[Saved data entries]
===

(** The increments are bounded below uniformly by [-G(L) / dG(s 0)], where [L]
    bounds the iterates: [G] increases and [dG] decreases along the sequence. *)
Lemma newton_increment_lower_bound L n : (forall m, s m <= L) ->
  - G L / dG (s 0%nat) <= s (S n) - s n.
Proof.
  intros HL. assert (Hn := newton_iterates_below_root n).
  assert (Hs0n : s 0%nat <= s n).
  { clear HL Hn. induction n as [| m IHm]; [lra |].
    generalize (newton_iterates_incr m); lra. }
  assert (Hd0 := dG_pos (s 0%nat) ltac:(lra)). assert (Hdn := dG_pos (s n) ltac:(lra)).
  assert (HG : - G L <= - G (s n)).
  { destruct (Req_dec (s n) L) as [-> | Hne]; [lra |].
    generalize (G_strict_incr (s n) L ltac:(generalize (HL n); lra)); lra. }
  assert (Hdd : dG (s n) <= dG (s 0%nat)) by (apply dG_noninc; lra).
  assert (Hgn := G_nonpos_below_root (s n) Hn).
  rewrite s_newton, Derive_G by lra.
  apply Rle_trans with (- G (s n) / dG (s 0%nat)).
  - unfold Rdiv. apply Rmult_le_compat_r; [left; now apply Rinv_0_lt_compat | exact HG].
  - replace (s n - G (s n) / dG (s n) - s n) with (- G (s n) / dG (s n)) by (field; lra).
    unfold Rdiv. apply Rmult_le_compat_l; [lra | now apply Rinv_le_contravar].
Qed.
Lemma comp_seq_perm s1 s2 : perm_eq s1 s2 -> comp_seq s1 =1 comp_seq s2.
Proof.
move=> s12.
apply: (@catCA_perm_ind _ (fun s => forall x, comp_seq s1 x = comp_seq s x) _ _ _ s12)
  => //.
by move=> a b c abc x; rewrite abc !comp_seq_cat comp_seqC.
Qed.

End CommutingIdempotents.

Lemma comp_seq_setU (X : Type) (I : finType) (T : I -> X -> X) :
  (forall i j x, T i (T j x) = T j (T i x)) -> (forall i x, T i (T i x) = T i x) ->
  forall (A B : {set I}) x,
  comp_seq T (enum (A :|: B)) x = comp_seq T (enum A) (comp_seq T (enum B) x).
Proof.
move=> TC Tid A B x; rewrite -comp_seq_cat -(comp_seq_undup TC Tid (enum A ++ enum B)).
apply: comp_seq_perm => //; apply: uniq_perm; rewrite ?enum_uniq ?undup_uniq // => i.
by rewrite mem_undup mem_cat !mem_enum inE.
Qed.

Lemma meets_setU (T U : finType) (F : U -> {set T}) (A B : {set T}) :
  [set u | [exists e in A :|: B, e \in F u]] =
  [set u | [exists e in A, e \in F u]] :|: [set u | [exists e in B, e \in F u]].
Proof.
apply/setP => u; rewrite !inE; apply/existsP/orP.
- move=> [e /andP[]]; rewrite inE => /orP[eA|eB] eF.
  + by left; apply/existsP; exists e; rewrite eA.
  + by right; apply/existsP; exists e; rewrite eB.
- by move=> [] /existsP[e /andP[eX eF]]; exists e; rewrite inE eX ?orbT.
Qed.

Section UnionLaws.
Variables (N : nat) (gT : finGroupType).
Hypothesis hab : abelian [set: gT].
Implicit Types (A B V : {set edge N}) (O : op N gT).
Local Notation twirls V := (comp_seq (@twirl N gT) (enum (starsOf V))).
Local Notation dephases V := (comp_seq (@dephase N gT) (enum (plaqsOf V))).

Lemma PstarVE V : PstarV V = twirls V.
Proof. by rewrite /PstarV (eq_map (Pstar_sE hab)). Qed.

Lemma PsqVE V : PsqV V = dephases V.
Proof. by rewrite /PsqV (eq_map (Psq_pE hab)). Qed.

Lemma PstarVU A B O : PstarV (A :|: B) O = PstarV A (PstarV B O).
Proof.
rewrite !PstarVE /starsOf meets_setU comp_seq_setU //.
- exact: twirlC.
- exact: twirl_id.
Qed.

Lemma PsqVU A B O : PsqV (A :|: B) O = PsqV A (PsqV B O).
Proof.
rewrite !PsqVE /plaqsOf meets_setU comp_seq_setU //.
- exact: dephaseC.
- exact: dephase_id.
Qed.

Lemma dephases_ptr_avg_dephase A p O :
  dephases A (ptr_avg A (dephase p O)) = dephase p (dephases A (ptr_avg A O)).
Proof.
have dephasesC X : dephases A (dephase p X) = dephase p (dephases A X).
  by apply: esym; apply: comp_seq_commute => q _ Y; apply: dephaseC.
have [pA|pNA] := boolP (p \in plaqsOf A); last first.
  by rewrite ptr_avg_dephase // dephasesC.
have absorb X : dephases A (dephase p X) = dephases A X.
  by rewrite dephasesC comp_seq_absorb ?mem_enum //; [exact: dephaseC | exact: dephase_id].
by rewrite -[LHS]absorb dephase_ptr_avg_dephase // dephasesC.
Qed.

(* In E_A o E_B = P*_A P#_A Tr_A P*_B P#_B Tr_B the twirls of B move left
   past Tr_A and P#_A, then the dephasings of B move left past P#_A Tr_A. *)
Lemma E0U A B O : E0 (A :|: B) O = E0 A (E0 B O).
Proof.
rewrite /E0 /= PstarVU PsqVU !PstarVE !PsqVE !ptrE -ptr_avgU.
rewrite (comp_seq_commute (f := ptr_avg A)) => [|s _ X]; last exact: twirl_ptr_avg.
rewrite [in RHS](comp_seq_commute (f := dephases A)) => [|s _ X]; last first.
  by apply: esym; apply: comp_seq_commute => p _ Y; apply: twirl_dephase.
rewrite (comp_seq_commute (f := fun X => dephases A (ptr_avg A X))) => [|p _ X].
  by rewrite (comp_seqC (@dephaseC N gT) (enum (plaqsOf B))).
by rewrite /= dephases_ptr_avg_dephase.
Qed.

End UnionLaws.

Theorem mainTheorem12 (N : nat) (gT : finGroupType)
  (hN : (1 < N)%N) (hab : abelian [set: gT])
  (R R' : {set edge N}) (hR : rectangle R) (hR' : rectangle R') :
  [/\ (forall (O : op N gT) x y, E0 (R :|: R') O x y = E0 R (E0 R' O) x y),
      (forall (O : op N gT) x y, PstarV (R :|: R') O x y = PstarV R (PstarV R' O) x y)
    & (forall (O : op N gT) x y, PsqV (R :|: R') O x y = PsqV R (PsqV R' O) x y)].
Proof.
split=> O x y.
- by rewrite E0U.
- by rewrite PstarVU.
- by rewrite PsqVU.
Qed.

===

- **Task requirements**
From the records above, copy every line that holds the word "andP".

- **Output of the exercise**
- move=> [e /andP[]]; rewrite inE => /orP[eA|eB] eF.
- by move=> [] /existsP[e /andP[eX eF]]; exists e; rewrite inE eX ?orbT.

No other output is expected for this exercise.